Gregory has fallen violently in love with his virginal sister, Anita. This poses a problem: not only is she his sister but she is also betrothed to the son of a powerful neighbouring family. An incestuous affair and four deaths (or is that five? I lost count) later - and Natalie Audley's 1950s reimagining of John Ford's 'Tis Pity She's a Whore has shown itself only marginally less Tarantino than the original. And even less credible. Can we really believe a young girl growing up in a well-off family in the fifties would have been kept entirely cloistered from the world? And were swords, not guns, the upper-class weapon of choice?
By far the oddest aspect of the re-write is Audley's antiquated dialogue. Although she has abandoned Ford's original script, the update sounds in no way modern. You half expect the characters to drop in the occasional "forsooth".

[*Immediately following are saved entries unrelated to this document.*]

(* Neither the sequential fan $S_\omega$ nor Arens' space $S_2$ is self-selective.
   Context: For spaces $Y$, $X$, a map $\varphi:Y\to\mathcal P(X)\setminus\{\emptyset\}$ is lower semicontinuous (l.s.c.) if $\{y:\varphi(y)\cap U\neq\emptyset\}$ is open in $Y$ for every open $U\subseteq X$; a selection is a map $f:Y\to X$ with $f(y)\in\varphi(y)$ for all $y$. A space $X$ is self-selective if every l.s.c. map from $X$ to the nonempty closed subsets of $X$ has a continuous selection. The sequential fan $S_\omega$ is the quotient of the topological sum of countably many convergent sequences (with limits) obtained by identifying all limit points. Arens' space $S_2=\{x\}\cup\{x_n:n\in\omega\}\cup\{x_{n,m}:n,m\in\omega\}$: each $x_{n,m}$ is isolated; a neighborhood base at $x_n$ consists of the sets $\{x_n\}\cup\{x_{n,m}:m\in\omega\setminus K\}$, $K$ finite; a neighborhood base at $x$ consists of the sets $\{x\}\cup\{x_n:n\in\omega\setminus K\}\cup\{x_{n,m}:n\in\omega\setminus K,\ m>f(n)\}$ with $K$ finite and $f:\omega\to\omega$. *)

From Stdlib Require Import Arith List.
Import ListNotations.

Definition opens (X : Type) := (X -> Prop) -> Prop.

Definition is_topology {X : Type} (O : opens X) : Prop :=
  O (fun _ => True) /\
  (forall U V, O U -> O V -> O (fun x => U x /\ V x)) /\
  (forall (I : Type) (F : I -> X -> Prop), (forall i, O (F i)) ->
      O (fun x => exists i, F i x)).

Definition is_closed {X : Type} (O : opens X) (A : X -> Prop) : Prop :=
  O (fun x => ~ A x).

Definition continuous {Y X : Type} (OY : opens Y) (OX : opens X) (f : Y -> X) : Prop :=
  forall U, OX U -> OY (fun y => U (f y)).

Definition lsc {Y X : Type} (OY : opens Y) (OX : opens X) (phi : Y -> X -> Prop) : Prop :=
  forall U, OX U -> OY (fun y => exists x, phi y x /\ U x).

Definition self_selective {X : Type} (O : opens X) : Prop :=
  forall phi : X -> X -> Prop,
    (forall x, exists z, phi x z) ->
    (forall x, is_closed O (phi x)) ->
    lsc O O phi ->
    exists f : X -> X, continuous O O f /\ forall x, phi x (f x).

(* None = the (identified) limit point; Some (n, m) = m-th term of the n-th sequence. *)
Definition Sfan := option (nat * nat).

(* Quotient topology: U is open iff, when it contains the common limit, it contains
   a tail of every sequence (all sequence terms are isolated). *)
Definition Sfan_open : opens Sfan := fun U =>
  U None -> forall n, exists k, forall m, k <= m -> U (Some (n, m)).

Inductive Arens : Type :=
| a_pt : Arens
| a_row : nat -> Arens
| a_cell : nat -> nat -> Arens.

Definition arens_nbhd_row (n : nat) (K : list nat) : Arens -> Prop := fun z =>
  z = a_row n \/ exists m, ~ In m K /\ z = a_cell n m.

Definition arens_nbhd_pt (K : list nat) (f : nat -> nat) : Arens -> Prop := fun z =>
  z = a_pt \/ (exists n, ~ In n K /\ z = a_row n) \/
  (exists n m, ~ In n K /\ f n < m /\ z = a_cell n m).

Definition Arens_open : opens Arens := fun U =>
  (U a_pt -> exists K f, forall z, arens_nbhd_pt K f z -> U z) /\
  (forall n, U (a_row n) -> exists K, forall z, arens_nbhd_row n K z -> U z).

(* Both phis are built so that a continuous selection would carry a sequence
   converging to a non-isolated point onto a sequence of points that cannot
   converge to its image.  In S_omega, phi sends the m-th term of every sequence
   to the K-th terms of the first K+1 sequences together with the m-th terms of
   the later ones, where K = K(m) takes every value infinitely often; it is l.s.c.
   at the limit because an open set around it contains the K-th terms of the
   0-th sequence for large K and the m-th terms of the first few sequences for
   large m.  A selection converging to the limit along the 0-th sequence must
   eventually avoid the finitely many K-th terms, so for each K it picks a point
   of a sequence of index > K; these points form a closed set missing the limit.
   In S_2, phi sends x_0 to {x}, x_{0,m} to {x_{n,m} : n <= m}, and every other
   point to S_2; it is l.s.c. at x_0 because a neighbourhood of x contains
   x_{n,m} for some fixed n and all large m.  A selection would produce isolated
   points x_{r(m),m} converging to x, and no sequence of isolated points of S_2
   converges to x. *)
From Stdlib Require Import Arith List Lia Classical IndefiniteDescription
  FunctionalExtensionality Cantor.

Definition eventually (P : nat -> Prop) : Prop := exists k, forall m, k <= m -> P m.

Lemma eventually_mono (P Q : nat -> Prop) :
  (forall m, P m -> Q m) -> eventually P -> eventually Q.
Proof. intros HPQ [k Hk]. exists k. auto. Qed.

Lemma eventually_and (P Q : nat -> Prop) :
  eventually P -> eventually Q -> eventually (fun m => P m /\ Q m).
Proof.
  intros [k Hk] [l Hl]. exists (Nat.max k l). intros m Hm. split; [apply Hk | apply Hl]; lia.
Qed.

Lemma eventually_ge (k : nat) : eventually (fun m => k <= m).
Proof. exists k. auto. Qed.

Lemma eventually_forall_lt (P : nat -> nat -> Prop) :
  (forall i, eventually (P i)) -> forall n, eventually (fun m => forall i, i < n -> P i m).
Proof.
  intros HP n. induction n as [|n IHn].
  - exists 0. intros m _ i Hi. lia.
  - eapply eventually_mono; [|exact (eventually_and _ _ IHn (HP n))].
    intros m [Hlt Hn] i Hi. destruct (Nat.eq_dec i n) as [->|Hin]; [exact Hn|].
    apply Hlt. lia.
Qed.

Lemma eventually_not_In (K : list nat) : eventually (fun m => ~ In m K).
Proof.
  induction K as [|a K [M HM]]; [exists 0; simpl; tauto|].
  exists (S (a + M)). intros m Hm [->|H]; [lia|]. apply (HM m); [lia|exact H].
Qed.

Lemma not_In_seq0 (N n : nat) : ~ In n (seq 0 N) <-> N <= n.
Proof. rewrite in_seq. lia. Qed.

Definition converges {X : Type} (O : opens X) (s : nat -> X) (x : X) : Prop :=
  forall U, O U -> U x -> eventually (fun m => U (s m)).

Lemma continuous_converges {Y X : Type} (OY : opens Y) (OX : opens X) (f : Y -> X)
  (s : nat -> Y) (y : Y) :
  continuous OY OX f -> converges OY s y -> converges OX (fun m => f (s m)) (f y).
Proof. intros Hf Hs U HU Uy. exact (Hs _ (Hf U HU) Uy). Qed.

Lemma converges_subseq {X : Type} (O : opens X) (s : nat -> X) (x : X) (h : nat -> nat) :
  (forall k, k <= h k) -> converges O s x -> converges O (fun k => s (h k)) x.
Proof.
  intros Hh Hs U HU Ux. destruct (Hs U HU Ux) as [M HM].
  exists M. intros k Hk. apply HM. specialize (Hh k). lia.
Qed.

Lemma Sfan_eventually_neq (n : nat) (z : Sfan) : eventually (fun j => Some (n, j) <> z).
Proof.
  destruct z as [[c j]|].
  - exists (S j). intros m Hm E. injection E. lia.
  - exists 0. discriminate.
Qed.

Lemma Sfan_open_neq (z : Sfan) : Sfan_open (fun w => w <> z).
Proof. intros _ n. apply Sfan_eventually_neq. Qed.

Lemma Sfan_column_converges (n : nat) : converges Sfan_open (fun m => Some (n, m)) None.
Proof. intros U HU UN. exact (HU UN n). Qed.

Lemma Sfan_converges_avoid (s : nat -> Sfan) (z : Sfan) :
  converges Sfan_open s None -> z <> None -> eventually (fun m => s m <> z).
Proof. intros Hs Hz. exact (Hs _ (Sfan_open_neq z) (not_eq_sym Hz)). Qed.

Lemma Sfan_spread_not_converges (y : nat -> Sfan) :
  (forall k, exists c j, y k = Some (c, j) /\ k < c) -> ~ converges Sfan_open y None.
Proof.
  intros Hy Hconv.
  set (U := fun z => forall k, z <> y k).
  assert (HU : Sfan_open U).
  { intros _ n.
    apply (eventually_mono (fun j => forall k, k < n -> Some (n, j) <> y k)).
    - intros j Hj k. destruct (Nat.lt_ge_cases k n) as [Hk|Hk]; [exact (Hj k Hk)|].
      destruct (Hy k) as [c [i [-> Hc]]]. intros E. injection E. lia.
    - apply eventually_forall_lt. intros k. apply Sfan_eventually_neq. }
  assert (UN : U None).
  { intros k E. destruct (Hy k) as [c [i [Hyk _]]]. congruence. }
  destruct (Hconv U HU UN) as [M HM]. exact (HM M (le_n M) M eq_refl).
Qed.

Definition fan_tag (m : nat) : nat := fst (Cantor.of_nat m).

Lemma fan_tag_unbounded (K B : nat) : exists m, B <= m /\ fan_tag m = K.
Proof.
  exists (Cantor.to_nat (K, B)). unfold fan_tag. rewrite Cantor.cancel_of_to.
  split; [|reflexivity]. pose proof (Cantor.to_nat_non_decreasing K B). lia.
Qed.

Definition fan_value (m : nat) (z : Sfan) : Prop :=
  match z with
  | None => False
  | Some (k, j) => (k <= fan_tag m /\ j = fan_tag m) \/ (fan_tag m < k /\ j = m)
  end.

Definition fan_phi (y : Sfan) : Sfan -> Prop :=
  match y with
  | None => fun z => z = None
  | Some (_, m) => fan_value m
  end.

Lemma fan_phi_nonempty (y : Sfan) : exists z, fan_phi y z.
Proof.
  destruct y as [[n m]|]; simpl; [|eauto].
  exists (Some (0, fan_tag m)). left. split; [lia | reflexivity].
Qed.

Lemma fan_phi_closed (y : Sfan) : is_closed Sfan_open (fan_phi y).
Proof.
  destruct y as [[n m]|]; unfold is_closed, Sfan_open; simpl.
  - intros _ c. exists (S (fan_tag m + m)). intros j Hj. lia.
  - intros HN. contradiction (HN eq_refl).
Qed.

Lemma fan_phi_lsc : lsc Sfan_open Sfan_open fan_phi.
Proof.
  intros U HU [z [-> UN]] n. simpl.
  destruct (HU UN 0) as [a Ha].
  apply (eventually_mono (fun m => a <= m /\ forall c, c < S a -> U (Some (c, m)))).
  - intros m [Ham Hm]. destruct (le_lt_dec a (fan_tag m)) as [Hle|Hlt].
    + exists (Some (0, fan_tag m)). split; [left; split; [lia | reflexivity] | exact (Ha _ Hle)].
    + exists (Some (S (fan_tag m), m)). split; [right; split; [lia | reflexivity]|].
      apply Hm. lia.
  - apply eventually_and; [apply eventually_ge|].
    apply (eventually_forall_lt (fun c m => U (Some (c, m)))). intros c. exact (HU UN c).
Qed.

Lemma fan_value_escapes (x : nat -> Sfan) :
  converges Sfan_open x None -> (forall m, fan_value m (x m)) ->
  forall K, exists m, K <= m /\ exists c j, x m = Some (c, j) /\ K < c.
Proof.
  intros Hx Hval K.
  assert (Havoid : forall c, eventually (fun m => x m <> Some (c, K))).
  { intros c. apply Sfan_converges_avoid; [exact Hx | discriminate]. }
  destruct (eventually_forall_lt _ Havoid (S K)) as [B HB].
  destruct (fan_tag_unbounded K (Nat.max B K)) as [m [Hm Htag]].
  exists m. split; [lia|].
  specialize (Hval m). destruct (x m) as [[c j]|] eqn:E; [|contradiction].
  exists c, j. split; [reflexivity|]. simpl in Hval. rewrite Htag in Hval.
  destruct Hval as [[Hc ->]|[Hc _]]; [|exact Hc].
  exfalso. apply (HB m ltac:(lia) c ltac:(lia) E).
Qed.

Lemma Sfan_not_self_selective : ~ self_selective Sfan_open.
Proof.
  intros Hsel.
  destruct (Hsel fan_phi fan_phi_nonempty fan_phi_closed fan_phi_lsc) as [f [Hf Hsf]].
  set (x := fun m => f (Some (0, m))).
  assert (Hx : converges Sfan_open x None).
  { rewrite <- (Hsf None : f None = None).
    exact (continuous_converges _ _ f _ _ Hf (Sfan_column_converges 0)). }
  destruct (functional_choice _ (fan_value_escapes x Hx (fun m => Hsf (Some (0, m)))))
    as [h Hh].
  apply (Sfan_spread_not_converges (fun k => x (h k))).
  - intros k. exact (proj2 (Hh k)).
  - exact (converges_subseq _ x None h (fun k => proj1 (Hh k)) Hx).
Qed.

Lemma Arens_openE (U : Arens -> Prop) :
  Arens_open U <->
  (U a_pt -> exists g : nat -> nat,
      eventually (fun n => U (a_row n) /\ forall m, g n <= m -> U (a_cell n m))) /\
  (forall n, U (a_row n) -> eventually (fun m => U (a_cell n m))).
Proof.
  split; intros [Hpt Hrow]; split.
  - intros Ua. destruct (Hpt Ua) as [K [f Hf]].
    exists (fun n => S (f n)).
    eapply eventually_mono; [|exact (eventually_not_In K)]. intros n Hn.
    split; [apply Hf; right; left; eauto|].
    intros m Hm. apply Hf. right; right. exists n, m. repeat split; auto.
  - intros n Un. destruct (Hrow n Un) as [K HK].
    eapply eventually_mono; [|exact (eventually_not_In K)]. intros m Hm.
    apply HK. right. eauto.
  - intros Ua. destruct (Hpt Ua) as [g [N HN]]. exists (seq 0 N), g.
    intros z [->|[[n [Hn ->]]|[n [m [Hn [Hm ->]]]]]].
    + exact Ua.
    + exact (proj1 (HN n (proj1 (not_In_seq0 N n) Hn))).
    + apply (proj2 (HN n (proj1 (not_In_seq0 N n) Hn))). lia.
  - intros n Un. destruct (Hrow n Un) as [B HB]. exists (seq 0 B).
    intros z [->|[m [Hm ->]]]; [exact Un|]. apply HB, not_In_seq0, Hm.
Qed.

Lemma Arens_row_converges (n : nat) : converges Arens_open (fun m => a_cell n m) (a_row n).
Proof. intros U HU Un. exact (proj2 (proj1 (Arens_openE U) HU) n Un). Qed.

Lemma Arens_cells_not_converges (r : nat -> nat) :
  ~ converges Arens_open (fun m => a_cell (r m) m) a_pt.
Proof.
  intros Hr. destruct (classic (forall n, eventually (fun m => r m <> n))) as [Hfin|Hinf].
  - destruct (functional_choice _ Hfin) as [g Hg].
    set (U := fun z => match z with a_cell k j => r j <> k | _ => True end).
    assert (HU : Arens_open U).
    { apply Arens_openE. split.
      - intros _. exists g. exists 0. intros n _. split; [exact I|]. exact (Hg n).
      - intros n _. exact (Hfin n). }
    destruct (Hr U HU I) as [M HM]. exact (HM M (le_n M) eq_refl).
  - apply not_all_ex_not in Hinf as [n Hn]. apply Hn.
    set (U := fun z => match z with a_pt => True | a_row k => k <> n | a_cell k _ => k <> n end).
    assert (HU : Arens_open U).
    { apply Arens_openE. split.
      - intros _. exists (fun _ => 0). exists (S n). intros k Hk.
        split; [simpl; lia|]. intros m _. simpl. lia.
      - intros k Hk. exists 0. intros m _. exact Hk. }
    exact (Hr U HU I).
Qed.

Definition arens_phi (y : Arens) : Arens -> Prop :=
  match y with
  | a_row 0 => fun z => z = a_pt
  | a_cell 0 m => fun z => exists n, n <= m /\ z = a_cell n m
  | _ => fun _ => True
  end.

Lemma arens_phi_nonempty (y : Arens) : exists z, arens_phi y z.
Proof. destruct y as [|[|n]|[|n] m]; simpl; eauto; exists a_pt; exact I. Qed.

Lemma arens_phi_closed (y : Arens) : is_closed Arens_open (arens_phi y).
Proof.
  unfold is_closed. apply Arens_openE.
  destruct y as [|[|n]|[|n] m]; simpl; split;
    try (intros H; contradiction (H I)); try (intros ? H; contradiction (H I)).
  - intros H. contradiction (H eq_refl).
  - intros n _. exists 0. intros m _. discriminate.
  - intros _. exists (fun _ => S m). exists 0. intros n _.
    split; [intros [k [_ E]]; discriminate|]. intros j Hj [k [_ E]]. injection E. lia.
  - intros n _. exists (S m). intros j Hj [k [_ E]]. injection E. lia.
Qed.

Lemma arens_phi_lsc : lsc Arens_open Arens_open arens_phi.
Proof.
  intros U HU. apply Arens_openE.
  destruct (classic (exists u, U u)) as [[u Uu]|Hempty].
  - split.
    + intros _. exists (fun _ => 0). exists 1. intros [|n] Hn; [lia|].
      split; [|intros m _]; exists u; split; [exact I | exact Uu | exact I | exact Uu].
    + intros [|n] Vn.
      * destruct Vn as [z [-> Ua]].
        destruct (proj1 (proj1 (Arens_openE U) HU) Ua) as [g [N HN]].
        exists (Nat.max N (g N)). intros m Hm. exists (a_cell N m). split.
        -- exists N. split; [lia | reflexivity].
        -- apply (proj2 (HN N (le_n N))). lia.
      * exists 0. intros m _. exists u. split; [exact I | exact Uu].
  - split; [intros [z [_ Uz]] | intros n [z [_ Uz]]]; contradiction (Hempty (ex_intro _ z Uz)).
Qed.

Lemma Arens_not_self_selective : ~ self_selective Arens_open.
Proof.
  intros Hsel.
  destruct (Hsel arens_phi arens_phi_nonempty arens_phi_closed arens_phi_lsc) as [f [Hf Hsf]].
  assert (Hcell : forall m, exists n, f (a_cell 0 m) = a_cell n m).
  { intros m. destruct (Hsf (a_cell 0 m)) as [n [_ E]]. eauto. }
  destruct (functional_choice _ Hcell) as [r Hr].
  apply (Arens_cells_not_converges r).
  replace (fun m => a_cell (r m) m) with (fun m => f (a_cell 0 m))
    by (apply functional_extensionality; exact Hr).
  rewrite <- (Hsf (a_row 0) : f (a_row 0) = a_pt).
  exact (continuous_converges _ _ f _ _ Hf (Arens_row_converges 0)).
Qed.

Theorem mainTheorem18 :
  ~ self_selective Sfan_open /\ ~ self_selective Arens_open.
Proof. split; [exact Sfan_not_self_selective | exact Arens_not_self_selective]. Qed.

A halfway house modernisation is a potentially interesting experiment but here it is not a successful one. Nothing is gained by Audley's update and the 1950s setting isn't integrated into the play; if anything relocating Ford's plot relocated makes it seem even more absurd. Although the cast perform with commendable earnestness, they can't stop the audience from giggling throughout the final blood bath.